Pull each line holding the word "targets" from the data.

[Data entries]
- Opening Delimiter -

(* Let $n\ge 1$, $N=n^2$, and let $Q$ be an $n\times n$ square block of grid cells. For every bijection $\pi:Q\to Q$ there is a set $O$ of $4N+1$ obstacle cells, all contained in a $(3N+1)\times(3N+1)$ square region of the grid that also contains $Q$, with the following property. Place $N$ robots on the cells of $Q$ (one per cell) with the obstacle set $O$, and apply the four force-field moves $\langle u,r,d,l\rangle$ in this order. Then, for every $c\in Q$, the robot that started at $c$ ends at cell $\pi(c)$. Moreover, if every robot moves at speed $v$ cells per second, the four moves are completed within total time $10N/v$.
   Context: Model. The workspace is the integer grid $\mathbb{Z}^2$ of unit cells. A configuration consists of a finite set $O\subset\mathbb{Z}^2$ of fixed obstacle cells and finitely many labeled robots, each occupying one cell, with no two robots in the same cell and no robot on an obstacle cell. There are four commands $u,r,d,l$ with direction vectors $e_u=(0,1)$, $e_r=(1,0)$, $e_d=(0,-1)$, $e_l=(-1,0)$. Applying command $x$ (a force-field move) moves all robots simultaneously in direction $e_x$ as far as possible, each stopping when it hits an obstacle or a stopped robot: precisely, for a robot at cell $p$, let $q=p+s e_x$ ($s\ge1$) be the first obstacle cell on the ray $p+te_x$, $t=1,2,\dots$; the robot ends at cell $q-(k+1)e_x$, where $k$ is the number of robots located at cells $p+te_x$ with $0<t<s$. (The move is only considered when each such ray meets an obstacle.) A move sequence such as $\langle u,r,d,l\rangle$ means applying these commands one after another. *)

From Stdlib Require Import ZArith List Reals Lia.
Open Scope Z_scope.

Definition cell := (Z * Z)%type.

Inductive cmd := Cu | Cr | Cd | Cl.

Definition dirv (x : cmd) : cell :=
  match x with
  | Cu => (0, 1) | Cr => (1, 0) | Cd => (0, -1) | Cl => (-1, 0)
  end.

Definition addc (p : cell) (t : Z) (e : cell) : cell :=
  (fst p + t * fst e, snd p + t * snd e).

Definition cell_eqb (c c' : cell) : bool :=
  Z.eqb (fst c) (fst c') && Z.eqb (snd c) (snd c').

Definition first_obstacle (O : list cell) (p e : cell) (s : Z) : Prop :=
  1 <= s /\ In (addc p s e) O /\
  (forall t, 1 <= t < s -> ~ In (addc p t e) O).

(* c = p + t e for some 0 < t < s  (e a unit axis vector) *)
Definition on_open_seg (p e : cell) (s : Z) (c : cell) : bool :=
  let t := (fst c - fst p) * fst e + (snd c - snd p) * snd e in
  (0 <? t) && (t <? s) && cell_eqb c (addc p t e).

Definition count_between (conf : list cell) (p e : cell) (s : Z) : nat :=
  length (filter (on_open_seg p e s) conf).

(* A configuration of labeled robots is a list of cells: robot i is at
   position [nth i conf]. [step O x conf conf'] : applying command x to
   conf (with obstacle set O) is defined (every ray meets an obstacle) and
   yields conf'. Robot at p ends at q - (k+1) e = p + (s-k-1) e. *)
Definition step (O : list cell) (x : cmd) (conf conf' : list cell) : Prop :=
  length conf' = length conf /\
  forall i, (i < length conf)%nat ->
    let p := nth i conf (0, 0) in
    exists s, first_obstacle O p (dirv x) s /\
      nth i conf' (0, 0) =
        addc p (s - Z.of_nat (count_between conf p (dirv x) s) - 1) (dirv x).

Definition dist (c c' : cell) : Z :=
  Z.abs (fst c - fst c') + Z.abs (snd c - snd c').

Definition maxdisp (conf conf' : list cell) : Z :=
  fold_right Z.max 0 (map (fun pr => dist (fst pr) (snd pr)) (combine conf conf')).

Definition move_time (v : R) (conf conf' : list cell) : R :=
  (IZR (maxdisp conf conf') / v)%R.

Definition in_block (a b : Z) (n : nat) (c : cell) : Prop :=
  a <= fst c < a + Z.of_nat n /\ b <= snd c < b + Z.of_nat n.

Definition block_list (a b : Z) (n : nat) : list cell :=
  flat_map (fun i => map (fun j => (a + Z.of_nat i, b + Z.of_nat j)) (seq 0 n))
           (seq 0 n).

Definition in_square (x0 y0 : Z) (m : Z) (c : cell) : Prop :=
  x0 <= fst c <= x0 + m /\ y0 <= snd c <= y0 + m.

(* Number the sources column by column, source_index (a+i, b+j) = i*n + j, and
   the targets row by row, target_index (a+i, b+j) = j*n + i; both are
   bijections of Q onto [0, N).  The obstacles are placed so that
   - u: each column of Q stacks up below a stopper, and the robot from c ends
     alone on row parking_row c = b + n + source_index c;
   - r: each robot slides right to target_column (pi c) = a + n + 2 *
     target_index (pi c), stopped by an obstacle just right of that column;
   - d: each robot, alone in its column since pi is injective, drops onto an
     obstacle just below its target cell pi c;
   - l: in each row of Q the target columns increase with the x-coordinate
     of the target, so the robots stack against a wall at column a - 1 in
     the order of their targets (all targets being hit, pi being onto) and
     each robot ends on its target.
   Padding cells below the wall make the obstacle count exactly 4N + 1; every
   robot moves at most N cells in u and 3N in each other move, hence 10N.
   The file first proves generic facts on integer ranges, the block
   enumeration, counting robots in front of a mover and move times; then, in
   a section fixing Q and pi, the geometry of the obstacles and one lemma per
   move; theorem1 assembles them. *)
From Pilot Require Import Defs.
From Stdlib Require Import ZArith List Reals Lia Permutation.
Open Scope Z_scope.

Definition zseq (k : nat) : list Z := map Z.of_nat (seq 0 k).

Lemma in_zseq k i : In i (zseq k) <-> 0 <= i < Z.of_nat k.
Proof.
  unfold zseq; rewrite in_map_iff; split.
  - intros [u [<- Hu]]; apply in_seq in Hu; lia.
  - intros Hi; exists (Z.to_nat i); split; [lia | apply in_seq; lia].
Qed.

Lemma NoDup_zseq k : NoDup (zseq k).
Proof.
  apply NoDup_map_NoDup_ForallPairs; [intros u w _ _; lia | apply seq_NoDup].
Qed.

Lemma length_zseq k : length (zseq k) = k.
Proof. unfold zseq; now rewrite length_map, length_seq. Qed.

Lemma NoDup_flat_map_disjoint {A B} (f : A -> list B) (l : list A) :
  NoDup l -> (forall x, In x l -> NoDup (f x)) ->
  (forall x y z, In x l -> In y l -> In z (f x) -> In z (f y) -> x = y) ->
  NoDup (flat_map f l).
Proof.
  induction l as [|x l IH]; intros Hl Hf Hdisj; simpl; [constructor|].
  apply NoDup_cons_iff in Hl as [Hx Hl].
  apply NoDup_app.
  - apply Hf; now left.
  - apply IH; [exact Hl | intros; apply Hf; now right |].
    intros u w z Hu Hw; apply Hdisj; now right.
  - intros z Hz Hz'. apply in_flat_map in Hz' as [y [Hy Hzy]].
    assert (x = y) as <- by (apply (Hdisj x y z); simpl; auto). contradiction.
Qed.

Lemma in_block_list a b n c : In c (block_list a b n) <-> in_block a b n c.
Proof.
  unfold block_list, in_block. rewrite in_flat_map. split.
  - intros [i [Hi Hc]]. apply in_map_iff in Hc as [j [<- Hj]].
    apply in_seq in Hi; apply in_seq in Hj. simpl. lia.
  - destruct c as [x y]; simpl; intros H.
    exists (Z.to_nat (x - a)). split; [apply in_seq; lia|].
    apply in_map_iff. exists (Z.to_nat (y - b)). split; [f_equal; lia | apply in_seq; lia].
Qed.

Lemma NoDup_block_list a b n : NoDup (block_list a b n).
Proof.
  apply NoDup_flat_map_disjoint; [apply seq_NoDup | |].
  - intros i _. apply NoDup_map_NoDup_ForallPairs; [|apply seq_NoDup].
    intros j j' _ _ E. injection E; lia.
  - intros i i' z _ _ Hz Hz'.
    apply in_map_iff in Hz as [j [<- _]]. apply in_map_iff in Hz' as [j' [E _]].
    injection E; lia.
Qed.

Lemma length_block_list a b n : length (block_list a b n) = (n * n)%nat.
Proof.
  unfold block_list. rewrite (flat_map_constant_length (c := n)), length_seq; [reflexivity|].
  intros; now rewrite length_map, length_seq.
Qed.

Lemma on_open_seg_iff p x s c :
  on_open_seg p (dirv x) s c = true <-> exists t, 0 < t < s /\ c = addc p t (dirv x).
Proof.
  destruct p as [p1 p2], c as [c1 c2].
  unfold on_open_seg, addc, cell_eqb.
  rewrite !Bool.andb_true_iff, !Z.ltb_lt, !Z.eqb_eq.
  destruct x; cbn [dirv fst snd]; split.
  all: first
    [ intros [[? ?] [? ?]]; eexists; split; [split; eassumption | f_equal; lia]
    | intros [t [? E]]; injection E as -> ->; repeat split; lia ].
Qed.

Lemma count_between_offsets conf p x s (ts : list Z) :
  NoDup conf -> NoDup ts ->
  (forall t, In t ts <-> 0 < t < s /\ In (addc p t (dirv x)) conf) ->
  count_between conf p (dirv x) s = length ts.
Proof.
  intros Hconf Hts Hspec. unfold count_between.
  rewrite <- (length_map (fun t => addc p t (dirv x)) ts).
  apply Permutation_length, NoDup_Permutation.
  - now apply NoDup_filter.
  - apply NoDup_map_NoDup_ForallPairs; [|exact Hts].
    intros t t' _ _ E. destruct p, x; unfold addc in E; cbn in E; injection E; lia.
  - intros c. rewrite filter_In, on_open_seg_iff, in_map_iff. split.
    + intros [Hc [t [Ht ->]]]. exists t. split; [reflexivity | apply Hspec; auto].
    + intros [t [<- Ht]]. apply Hspec in Ht as [Ht Hin]. split; [exact Hin | now exists t].
Qed.

Lemma count_between_none conf p x s :
  (forall t, 0 < t < s -> ~ In (addc p t (dirv x)) conf) ->
  count_between conf p (dirv x) s = 0%nat.
Proof.
  intros Hfree. unfold count_between.
  destruct (filter (on_open_seg p (dirv x) s) conf) as [|c l] eqn:E; [reflexivity|].
  assert (Hc : In c (filter (on_open_seg p (dirv x) s) conf)) by (rewrite E; now left).
  apply filter_In in Hc as [Hin Hseg]. apply on_open_seg_iff in Hseg as [t [Ht ->]].
  exfalso; exact (Hfree t Ht Hin).
Qed.

Lemma step_of_map O x (l : list cell) (F G : cell -> cell) :
  (forall c, In c l -> exists s, first_obstacle O (F c) (dirv x) s /\
     G c = addc (F c) (s - Z.of_nat (count_between (map F l) (F c) (dirv x) s) - 1) (dirv x)) ->
  step O x (map F l) (map G l).
Proof.
  intros Hrobot. split; [now rewrite !length_map|].
  intros i Hi. rewrite length_map in Hi.
  rewrite (nth_indep _ _ (F (0, 0))), (nth_indep (map G l) _ (G (0, 0))) by now rewrite length_map.
  rewrite !map_nth. apply Hrobot, nth_In, Hi.
Qed.

Lemma maxdisp_le (l : list cell) (F G : cell -> cell) (B : Z) : 0 <= B ->
  (forall c, In c l -> Pilot.Defs.dist (F c) (G c) <= B) -> maxdisp (map F l) (map G l) <= B.
Proof.
  intros HB Hdist. unfold maxdisp.
  induction l as [|c l IH]; simpl; [lia|].
  apply Z.max_lub; [apply Hdist; now left | apply IH; intros; apply Hdist; now right].
Qed.

Lemma move_times_le (v : R) c0 c1 c2 c3 c4 (B : Z) : (0 < v)%R ->
  maxdisp c0 c1 + maxdisp c1 c2 + maxdisp c2 c3 + maxdisp c3 c4 <= B ->
  (move_time v c0 c1 + move_time v c1 c2 + move_time v c2 c3 + move_time v c3 c4
   <= IZR B / v)%R.
Proof.
  intros Hv HB. unfold move_time, Rdiv.
  rewrite <- !Rmult_plus_distr_r, <- !plus_IZR.
  apply Rmult_le_compat_r; [left; now apply Rinv_0_lt_compat | now apply IZR_le].
Qed.

Lemma digits_unique m i j i' j' :
  0 <= j < m -> 0 <= j' < m -> i * m + j = i' * m + j' -> i = i' /\ j = j'.
Proof.
  intros Hj Hj' E. destruct (Z.lt_trichotomy i i') as [Hlt|[->|Hlt]].
  - assert (i * m + m <= i' * m) by nia. lia.
  - lia.
  - assert (i' * m + m <= i * m) by nia. lia.
Qed.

- Closing Delimiter -

### Response area
   the targets row by row, target_index (a+i, b+j) = j*n + i; both are
     the order of their targets (all targets being hit, pi being onto) and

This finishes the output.